Learning Through Context

In-Context Learning (ICL) is a powerful method that enables large language models (LLMs) to perform new tasks without modifying any of their internal parameters. Traditionally, LLMs are used as simple oracles: we pose a question, and they provide an answer. Recent work, however, shows that when we supply curated examples and engage the model iteratively, it can explore a broader solution space and progressively refine its reasoning. Unlike conventional machine learning pipelines—which rely on retraining, gradient updates, or fine-tuning on new datasets—ICL operates entirely through the input prompt. By embedding instructions, examples, or demonstrations directly into the text, we guide the model to infer patterns and adjust its output behavior dynamically. In this sense, the model “learns” in real time during the interaction, rather than through an offline training process^[2].

One way to understand ICL is to think of it as “learning by showing”. When we present the model with a few input–output pairs that illustrate the task, the model analyzes the structure of the examples—how the inputs are transformed, what relationships matter, and what rules appear to be operating. Then, when faced with a new but related query, it extends or completes the pattern it has detected. For instance, if we show a few examples of converting informal text into formal prose, labeling sentiment, extracting key information, or solving a math pattern, the model can immediately generalize the behavior even with only a handful of samples.

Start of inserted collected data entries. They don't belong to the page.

(* Let $m>0$, $K\neq 0$ and $H\in\mathbb{R}$, and consider the Schwarzschild metric written in the constant-mean-curvature form described in the context, on the exterior region $r>2m$. Let $\sigma_+$ and $\sigma_-$ be any solutions on $(2m,\infty)$ of the wave phase equations $$\Big(1-\tfrac{2m}{r}\Big)\frac{3}{K}\frac{d\sigma_\pm}{dr}=v\,P^{-1/2}+b_\pm ,$$ with $b_+=+1,\ b_-=-1$ if $K<0$ and $b_+=-1,\ b_-=+1$ if $K>0$. Then: (i) $\sigma_+$ and $\sigma_-$ are strictly monotonic functions of $r$ on $(2m,\infty)$; (ii) $\sigma_+(r)$ has a finite limit as $r\to\infty$ (the outgoing phase coordinate is bounded in the outward direction); (iii) $\sigma_-(r)$ has a finite limit as $r\to 2m^+$, and $d\sigma_-/dr$ remains bounded in magnitude and bounded away from zero on $(2m,R]$ for every $R>2m$, if and only if the naked shift reversal condition holds, i.e. if and only if $3H/K>8m^3$ (equivalently: $H$ and $K$ have the same sign and $(3H/K)^{1/3}>2m$; for $K<0$ this reads $H<\tfrac{8}{3}m^3K$). Consequently, the naked shift reversal condition is necessary and sufficient for the existence of bounded wave phase coordinates on the exterior part of a constant-mean-curvature slice.
   Context: The spherically symmetric constant-mean-curvature (CMC) slicing of the Schwarzschild spacetime of mass $m$ is given, in coordinates $(t,r,\theta,\varphi)$ with $r$ the areal radius, by the metric $$ds^2=-\Big(1-\tfrac{2m}{r}\Big)dt^2+2vP^{-1/2}\,dt\,dr+r^4P^{-1}dr^2+r^2\,d\Omega^2,$$ where $d\Omega^2$ is the unit round two-sphere metric, $v(r)=Kr^3/3-H$, $P(r)=v^2+(1-2m/r)r^4$, $K$ is the (constant) mean curvature of the slices $t=\text{const}$ and $H$ is a real integration constant. On $r>2m$ one has $P>0$. The wave phase equations above express that $U_\pm=t-\frac{3}{K}\sigma_\pm(r)$ are null functions ($g^{\mu\nu}\partial_\mu U_\pm\partial_\nu U_\pm=0$), so outgoing/ingoing waves move at constant speed in $\sigma_+$/$\sigma_-$. The radial shift vector component of this slicing is $N^r=r^{-4}v\sqrt{P}$; it changes sign at $r_0=(3H/K)^{1/3}$ when $HK>0$, and the ''naked shift reversal condition'' is that this reversal occurs outside the horizon, $r_0>2m$, i.e. $3H/K>8m^3$. *)

From Stdlib Require Import Reals.
From Coquelicot Require Export Coquelicot.
Open Scope R_scope.

Definition vfun (K H r : R) : R := K * r ^ 3 / 3 - H.

Definition Pfun (m K H r : R) : R := (vfun K H r) ^ 2 + (1 - 2 * m / r) * r ^ 4.

Definition wave_phase_solution (m K H b : R) (sigma : R -> R) : Prop :=
  forall r, 2 * m < r ->
    ex_derive sigma r /\
    (1 - 2 * m / r) * (3 / K) * Derive sigma r = vfun K H r / sqrt (Pfun m K H r) + b.

Definition strictly_monotonic_on_gt (a : R) (f : R -> R) : Prop :=
  (forall x y, a < x -> x < y -> f x < f y) \/
  (forall x y, a < x -> x < y -> f y < f x).

(* Solving the wave phase equation for the derivative gives
   [σ' = K b r^4 / (3 sqrt P (sqrt P - b v))], with a positive denominator on [r > 2m]
   because [P = v^2 + (r - 2m) r^3 > v^2]; hence [σ±] is strictly monotonic with the sign
   of [K b±].  Let [s = sign K], so [b- = s] and [b+ = -s].  For [σ+] the shift [s v]
   grows like [|K| r^3 / 3], the denominator like [r^6], and [σ+' = O(r^-2)] is
   integrable at infinity.  For [σ-], since [2 (sqrt P - s v) sqrt P = (sqrt P - s v)^2
   + (r - 2m) r^3], the denominator is bounded away from zero near the horizon exactly
   when [s v(2m) < 0], i.e. [3H/K > 8m^3]; otherwise it is [O(r - 2m)] and
   [σ-' >= c / (r - 2m)] is unbounded. *)

From Stdlib Require Import Reals Lra Psatz Classical.
From Coquelicot Require Import Coquelicot.
Open Scope R_scope.

Lemma Derive_pos_strictly_increasing (f : R -> R) (a : R) :
  (forall x, a < x -> ex_derive f x /\ 0 < Derive f x) ->
  forall x y, a < x -> x < y -> f x < f y.
Proof.
  intros hf x y hx hxy.
  apply (incr_function f a p_infty (Derive f)); simpl; auto.
  - intros z hz _. apply Derive_correct, hf, hz.
  - intros z hz _. apply hf, hz.
Qed.

Lemma Derive_neg_strictly_decreasing (f : R -> R) (a : R) :
  (forall x, a < x -> ex_derive f x /\ Derive f x < 0) ->
  forall x y, a < x -> x < y -> f y < f x.
Proof.
  intros hf x y hx hxy.
  enough (- f x < - f y) by lra.
  apply (Derive_pos_strictly_increasing (fun z => - f z) a); auto.
  intros z hz. destruct (hf z hz) as [hex hneg]. split.
  - apply (ex_derive_opp f z hex).
  - rewrite Derive_opp. lra.
Qed.

Lemma increment_le_of_is_derive_le (f g df dg : R -> R) (x y : R) : x <= y ->
  (forall z, x <= z <= y -> is_derive f z (df z) /\ is_derive g z (dg z) /\ dg z <= df z) ->
  g y - g x <= f y - f x.
Proof.
  intros hxy hz.
  destruct (Req_dec x y) as [<-|hne]; [lra|].
  destruct (MVT_cor2 (fun t => f t - g t) (fun t => df t - dg t) x y)
    as [c [hmvt hc]]; [lra| |].
  - intros c hc. destruct (hz c hc) as [hf [hg _]].
    apply is_derive_Reals, (is_derive_minus f g); assumption.
  - destruct (hz c ltac:(lra)) as [_ [_ hle]]. nra.
Qed.

Lemma glb_approx (E : R -> Prop) (x0 lb : R) :
  E x0 -> (forall x, E x -> lb <= x) ->
  exists l, (forall x, E x -> l <= x) /\
            (forall eps, 0 < eps -> exists x, E x /\ x < l + eps).
Proof.
  intros hx0 hlb.
  destruct (completeness (fun y => E (- y))) as [u [hub hleast]].
  - exists (- lb). intros y hy. specialize (hlb _ hy). lra.
  - exists (- x0). rewrite Ropp_involutive. exact hx0.
  - exists (- u). split.
    + intros x hx. enough (- x <= u) by lra.
      apply hub. rewrite Ropp_involutive. exact hx.
    + intros eps heps. apply NNPP. intros hno.
      enough (u <= u - eps) by lra.
      apply hleast. intros y hy. apply Rnot_lt_le. intros hlt.
      apply hno. exists (- y). split; [exact hy|lra].
Qed.

Lemma decreasing_bounded_below_has_limit (f : R -> R) (a lb : R) :
  (forall x y, a <= x -> x < y -> f y <= f x) -> (forall x, a <= x -> lb <= f x) ->
  exists L, is_lim f p_infty (Finite L).
Proof.
  intros hdec hlb.
  destruct (glb_approx (fun z => exists x, a <= x /\ z = f x) (f a) lb)
    as [l [hl happrox]].
  - exists a. split; [lra|reflexivity].
  - intros z [x [hx ->]]. auto.
  - exists l. apply is_lim_spec. intros eps.
    destruct (happrox eps (cond_pos eps)) as [_ [[x0 [hx0 ->]] hlt]].
    exists x0. intros y hy.
    assert (l <= f y) by (apply hl; exists y; split; [lra|reflexivity]).
    assert (f y <= f x0) by (apply hdec; lra).
    apply Rabs_def1; lra.
Qed.

Lemma increasing_bounded_below_has_right_limit (f : R -> R) (a b lb : R) : a < b ->
  (forall x y, a < x -> x < y -> f x <= f y) -> (forall x, a < x <= b -> lb <= f x) ->
  exists L, filterlim f (at_right a) (locally L).
Proof.
  intros hab hinc hlb.
  destruct (glb_approx (fun z => exists x, a < x <= b /\ z = f x) (f b) lb)
    as [l [hl happrox]].
  - exists b. split; [lra|reflexivity].
  - intros z [x [hx ->]]. auto.
  - exists l. apply filterlim_locally. intros eps.
    destruct (happrox eps (cond_pos eps)) as [_ [[x0 [hx0 ->]] hlt]].
    exists (mkposreal (x0 - a) ltac:(lra)).
    intros y hy hay. change (Rabs (y - a) < x0 - a) in hy.
    apply Rabs_lt_between in hy.
    assert (l <= f y) by (apply hl; exists y; split; [lra|reflexivity]).
    assert (f y <= f x0) by (apply hinc; lra).
    change (Rabs (f y - l) < eps). apply Rabs_def1; lra.
Qed.

Lemma sqr_mul_sign (b x : R) : b * b = 1 -> (b * x) ^ 2 = x ^ 2.
Proof. intros hb. replace ((b * x) ^ 2) with (b * b * x ^ 2) by ring. rewrite hb. ring. Qed.

Definition phase_denom (m K H b r : R) : R :=
  sqrt (Pfun m K H r) * (sqrt (Pfun m K H r) - b * vfun K H r).

Section CMCSlicing.

Variables m K H : R.
Hypothesis hm : 0 < m.

Lemma sqrt_Pfun_sq (r : R) : 2 * m < r ->
  0 < sqrt (Pfun m K H r) /\
  sqrt (Pfun m K H r) * sqrt (Pfun m K H r) = vfun K H r ^ 2 + (r - 2 * m) * r ^ 3.
Proof.
  intros hr.
  assert (hP : Pfun m K H r = vfun K H r ^ 2 + (r - 2 * m) * r ^ 3)
    by (unfold Pfun; field; lra).
  assert (0 < (r - 2 * m) * r ^ 3) by (apply Rmult_lt_0_compat; [lra|apply pow_lt; lra]).
  assert (0 <= vfun K H r ^ 2) by apply pow2_ge_0.
  rewrite hP. split; [apply sqrt_lt_R0; lra|apply sqrt_sqrt; lra].
Qed.

Lemma sqrt_Pfun_gt (b r : R) : b * b = 1 -> 2 * m < r ->
  b * vfun K H r < sqrt (Pfun m K H r).
Proof.
  intros hb hr. destruct (sqrt_Pfun_sq r hr) as [hq hqq].
  set (q := sqrt _) in *. set (v := vfun K H r) in *.
  assert (0 < (r - 2 * m) * r ^ 3) by (apply Rmult_lt_0_compat; [lra|apply pow_lt; lra]).
  assert (hsq := sqr_mul_sign b v hb).
  nra.
Qed.

Lemma phase_denom_pos (b r : R) : b * b = 1 -> 2 * m < r -> 0 < phase_denom m K H b r.
Proof.
  intros hb hr. unfold phase_denom.
  apply Rmult_lt_0_compat; [apply sqrt_Pfun_sq, hr|].
  apply Rlt_0_minus, sqrt_Pfun_gt; assumption.
Qed.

A useful analogy is a child observing a simple block-stacking pattern. After watching someone arrange the blocks a few times, the child does not need a full explanation of physics or geometry to replicate the behavior—they simply infer the pattern from the demonstrations. Similarly, LLMs rely on their vast pre-training knowledge to interpret the examples we provide and map them to the task at hand. The examples in the prompt act as contextual training data, and the model leverages its internal representations to align with those examples, even though its core parameters remain unchanged.

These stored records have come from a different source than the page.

(* Let $(X,d)$ be an $F$-space with non-decreasing metric $d$, and let $\{X_n\}$ be a nontrivial linear approximation scheme on $X$ with $\dim X_n<\infty$ for all $n$. Writing $\|x\|=d(x,0)$, if $$R_{\|\cdot\|}\Big(\bigcup_n X_n\Big)>0,$$ then $\inf_n E(X,X_n)>0$ and $\{X_n\}$ satisfies Shapiro's theorem on $X$.
   Context: An $F$-space is a complete metric vector space with translation-invariant metric $d$. The metric is non-decreasing if $d(\alpha x,0)\le d(x,0)$ for $0\le\alpha\le1$. A nontrivial linear approximation scheme is a chain $X_0\subsetneq X_1\subsetneq\cdots\subsetneq X$ of linear subspaces (strict inclusions) with $\bigcup_nX_n$ dense in $X$. For a linear subspace $V\subseteq X$, its radius is $R_{\|\cdot\|}(V)=\inf_{v\in V\setminus\{0\}}\sup_{t>0}\|tv\|$ (possibly $+\infty$). $E(x,A)=\inf_{a\in A}d(x,a)$ and $E(X,A)=\sup_{x\in X}E(x,A)$. $\{X_n\}$ satisfies Shapiro's theorem on $X$ if for every non-increasing sequence $\{\varepsilon_n\}$ of nonnegative reals tending to $0$ there exists $x\in X$ with $E(x,X_n)\neq\mathbf{O}(\varepsilon_n)$. *)

From HB Require Import structures.
From mathcomp Require Import all_boot all_order all_algebra.
From mathcomp Require Import all_classical all_reals ereal.
Set Implicit Arguments. Unset Strict Implicit. Unset Printing Implicit Defensive.
Import Order.TTheory GRing.Theory Num.Theory.
Local Open Scope classical_set_scope.
Local Open Scope ring_scope.

Section Defs.
Variables (R : realType) (V : lmodType R).

Definition is_metric (d : V -> V -> R) : Prop :=
  [/\ forall x y, 0 <= d x y,
      forall x y, d x y = 0 <-> x = y,
      forall x y, d x y = d y x &
      forall x y z, d x z <= d x y + d y z].

Definition translation_invariant (d : V -> V -> R) : Prop :=
  forall x y z, d (x + z) (y + z) = d x y.

Definition dconv (d : V -> V -> R) (u : nat -> V) (x : V) : Prop :=
  forall e : R, 0 < e -> exists N : nat, forall n, (N <= n)%N -> d (u n) x < e.

Definition dcauchy (d : V -> V -> R) (u : nat -> V) : Prop :=
  forall e : R, 0 < e -> exists N : nat, forall m n, (N <= m)%N -> (N <= n)%N ->
    d (u m) (u n) < e.

Definition rconv (a : nat -> R) (l : R) : Prop :=
  forall e : R, 0 < e -> exists N : nat, forall n, (N <= n)%N -> `|a n - l| < e.

(* Addition is continuous as a
   consequence of translation invariance; continuity of scalar
   multiplication (jointly) is required explicitly. *)
Definition Fspace (d : V -> V -> R) : Prop :=
  [/\ is_metric d, translation_invariant d,
      (forall (a : nat -> R) (u : nat -> V) (l : R) (x : V),
          rconv a l -> dconv d u x -> dconv d (fun n => a n *: u n) (l *: x)) &
      (forall u : nat -> V, dcauchy d u -> exists x, dconv d u x)].

Definition nondecreasing_metric (d : V -> V -> R) : Prop :=
  forall (x : V) (a : R), 0 <= a <= 1 -> d (a *: x) 0 <= d x 0.

Definition linear_subspace (S : set V) : Prop :=
  [/\ S 0, forall x y, S x -> S y -> S (x + y) &
      forall (a : R) x, S x -> S (a *: x)].

Definition finite_dimensional (S : set V) : Prop :=
  exists (n : nat) (v : 'I_n -> V),
    forall x, S x <-> exists c : 'I_n -> R, x = \sum_(i < n) c i *: v i.

Definition approx_scheme (d : V -> V -> R) (Xs : nat -> set V) : Prop :=
  [/\ forall n, linear_subspace (Xs n),
      forall n, Xs n `<` Xs n.+1 &
      forall (x : V) (e : R), 0 < e -> exists n y, Xs n y /\ d x y < e].

Definition bigUnion (Xs : nat -> set V) : set V := \bigcup_n Xs n.

Definition radius (d : V -> V -> R) (S : set V) : \bar R :=
  ereal_inf [set ereal_sup [set (d (t *: v) 0)%:E | t in [set t : R | 0 < t]]
            | v in [set v | S v /\ v <> 0]].

Definition Edist (d : V -> V -> R) (x : V) (A : set V) : \bar R :=
  ereal_inf [set (d x a)%:E | a in A].

Definition EX (d : V -> V -> R) (A : set V) : \bar R :=
  ereal_sup [set Edist d x A | x in [set: V]].

Definition satisfies_Shapiro (d : V -> V -> R) (Xs : nat -> set V) : Prop :=
  forall eps : nat -> R,
    (forall n, 0 <= eps n) ->
    (forall n, eps n.+1 <= eps n) ->
    rconv eps 0 ->
    exists x : V, ~ (exists (C : R) (N : nat), forall n, (N <= n)%N ->
                       (Edist d x (Xs n) <= (C * eps n)%:E)%E).

End Defs.

From HB Require Import structures.
From mathcomp Require Import all_boot all_order all_algebra.
From mathcomp Require Import all_classical all_reals ereal.
From mathcomp Require Import topology normedtype sequences.
From mathcomp Require Import ring lra.
Import Order.TTheory GRing.Theory Num.Theory numFieldNormedType.Exports.
Set Implicit Arguments. Unset Strict Implicit. Unset Printing Implicit Defensive.
Local Open Scope classical_set_scope.
Local Open Scope ring_scope.

(* Write |x| for d x 0 and fix eta > 0 below the radius of the union, so that
   every nonzero u in some X_n has a multiple of norm > eta.  By compactness of
   the l1 sphere of coefficients in the finite-dimensional space X_n + R v, for
   v in X_{n+1} \ X_n some multiple T v stays at distance >= eta from X_n;
   walking along the multiples of v in steps of small norm then gives, for every
   0 < th < eta, some y in X_{n+1} with |y| <= 2 th and dist(y, X_n) >= th.  This
   bounds every E(X, X_n) below by eta / 2.  For Shapiro's theorem, add such
   elements with th_j = (eta / 2) 8^-j along a sparse sequence of indices n_j:
   the series converges by completeness, its sum x has dist(x, X_{n_j}) >=
   th_j / 2, and choosing n_j with eps_{n_j} < th_j / (2 (j + 1)) rules out
   E(x, X_n) = O(eps_n). *)

Section FNorm.
Variables (R : realType) (V : lmodType R) (d : V -> V -> R).
Hypotheses (dm : is_metric d) (dti : translation_invariant d).

Lemma dist_subr x y : d x y = d (x - y) 0.
Proof. by rewrite -(dti (x - y) 0 y) subrK add0r. Qed.

Lemma fnormN x : d (- x) 0 = d x 0.
Proof. by case: dm => _ _ dC _; rewrite -(dti (- x) 0 x) addNr add0r dC. Qed.

Lemma fnormD x y : d (x + y) 0 <= d x 0 + d y 0.
Proof.
case: dm => _ _ _ dtri; apply: le_trans (dtri _ y _) _.
by rewrite -{2}(add0r y) dti.
Qed.

Lemma fnorm_sum K (F : nat -> V) :
  d (\sum_(i < K) F i) 0 <= \sum_(i < K) d (F i) 0.
Proof.
elim: K => [|K IH]; first by case: dm => _ d0 _ _; rewrite !big_ord0 (proj2 (d0 0 0)).
by rewrite !big_ord_recr /=; apply: le_trans (fnormD _ _) _; rewrite lerD2r.
Qed.

Hypothesis dnd : nondecreasing_metric d.

Lemma fnormZ_le (a b : R) x : `|a| <= `|b| -> d (a *: x) 0 <= d (b *: x) 0.
Proof.
move=> ab; have [b0|b0] := eqVneq b 0.
  by move: ab; rewrite b0 normr0 normr_le0 => /eqP ->.
have -> : a *: x = (a / b) *: (b *: x) by rewrite scalerA divfK.
have ab1 : `|a / b| <= 1 by rewrite normrM normfV ler_pdivrMr ?normr_gt0 // mul1r.
have [ab0|ab0] := leP 0 (a / b).
  by apply: dnd; rewrite ab0 -(ger0_norm ab0).
rewrite -fnormN -scaleNr; apply: dnd.
by rewrite oppr_ge0 ltW //= -(ltr0_norm ab0).
Qed.

Lemma far_multiple_ge (S : set V) v T t eta :
  linear_subspace S -> 0 < T <= t ->
  (forall a, S a -> eta <= d (T *: v) a) -> forall a, S a -> eta <= d (t *: v) a.
Proof.
move=> [_ _ SZ] /andP[T0 Tt] farT a Sa.
pose be := t / T.
have be1 : 1 <= be by rewrite ler_pdivlMr // mul1r.
have be0 : be != 0 by rewrite gt_eqF // (lt_le_trans ltr01 be1).
rewrite dist_subr (_ : t *: v - a = be *: (T *: v - be^-1 *: a)); last first.
  by rewrite scalerBr !scalerA mulfV // scale1r divfK ?gt_eqF.
apply: le_trans (fnormZ_le (a := 1) (b := be) _ _); last first.
  by rewrite normr1 ger0_norm // (le_trans ler01 be1).
by rewrite scale1r -dist_subr; apply/farT/SZ.
Qed.

End FNorm.

Lemma increasing_geq_id (g : nat -> nat) :
  (forall m, (g m < g m.+1)%N) -> forall m, (m <= g m)%N.
Proof. by move=> gS; elim=> [//|m IH]; apply: leq_ltn_trans IH (gS m). Qed.

Lemma eventually_forall_ltn (P : nat -> nat -> Prop) K :
  (forall j, (j < K)%N -> exists N, forall m, (N <= m)%N -> P j m) ->
  exists N, forall m, (N <= m)%N -> forall j, (j < K)%N -> P j m.
Proof.
elim: K => [|K IH] evP; first by exists 0%N.
have [N1 HN1] := IH (fun j jK => evP j (ltnW jK)).
have [N2 HN2] := evP K (ltnSn K).
exists (maxn N1 N2) => m; rewrite geq_max => /andP[m1 m2] j.
by rewrite ltnS leq_eqVlt => /orP[/eqP ->|jK]; [apply: HN2 | apply: HN1].
Qed.

Lemma exists_increasing_above (N : nat -> nat) :
  exists mm : nat -> nat, (forall j, (mm j < mm j.+1)%N) /\ forall j, (N j <= mm j)%N.
Proof.
exists (fun j => j + \sum_(i < j.+1) N i)%N; split=> j.
  by rewrite [in X in (_ < X)%N]big_ord_recr /= addSn ltnS leq_add2l leq_addr.
by rewrite big_ord_recr /= addnA leq_addl.
Qed.

Lemma nat_switch (P : nat -> Prop) J : ~ P 0%N -> P J -> exists j, ~ P j /\ P j.+1.
Proof.
elim: J => [//|J IH] P0 PJ1.
by have [PJ|nPJ] := EM (P J); [apply: IH | exists J].
Qed.

Section RealSequences.
Variable R : realType.

Lemma rconv_harmonic : rconv (fun m : nat => (m.+1%:R : R)^-1) 0.
Proof.
move=> e e0; exists (Num.truncn e^-1) => n Nn.
rewrite subr0 ger0_norm ?invr_ge0 ?ler0n // -[e]invrK ltf_pV2 ?posrE ?invr_gt0 //.
apply: lt_le_trans (truncnS_gt _) _; by rewrite ler_nat ltnS.
Qed.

Since ICL requires no training pipeline, it offers flexibility and efficiency. It allows rapid iteration, adapts to a wide range of tasks, and supports few-shot or even zero-shot generalization. This capability is one of the reasons modern LLMs are so versatile: they can flexibly shift between tasks—from classification and reasoning to translation and summarization—simply by receiving the right context.

How does In-Context Learning Work?

LLMs learn from examples by reading them as part of the input. The model looks for patterns, relationships, or rules that connect the example inputs to their corresponding outputs. Once it detects these patterns, it applies them to new information that's provided.

1. The Model Reads Examples Like a Story

When we give a sequence of examples, the model processes them just like reading sentences in a story. For example:

1 → 2
2 → 4
3 → 6
4 → ?

The model processes these in order, identifies the underlying pattern—multiplying by two—and in this case, uses that pattern to generate the appropriate continuation, which would be 8.

2. The Model Detects Patterns

After being trained on vast and varied datasets, LLMs develop strong and highly flexible pattern-recognition abilities. During ICL, the model draws on this internal knowledge to compare the examples it’s given, noticing subtle relationships in structure, meaning, or logic. From there, it infers the underlying rule or process being demonstrated—whether that rule involves numerical relationships, text-to-text transformations, multi-step reasoning patterns, or even abstract visual or spatial structures. In essence, the model generalizes from the demonstration much like a human would: by recognizing what stays consistent across examples, identifying what changes, and mapping those insights onto the new input. This ability to fluidly extract patterns allows LLMs to perform new tasks on the fly without explicit retraining or access to labeled datasets.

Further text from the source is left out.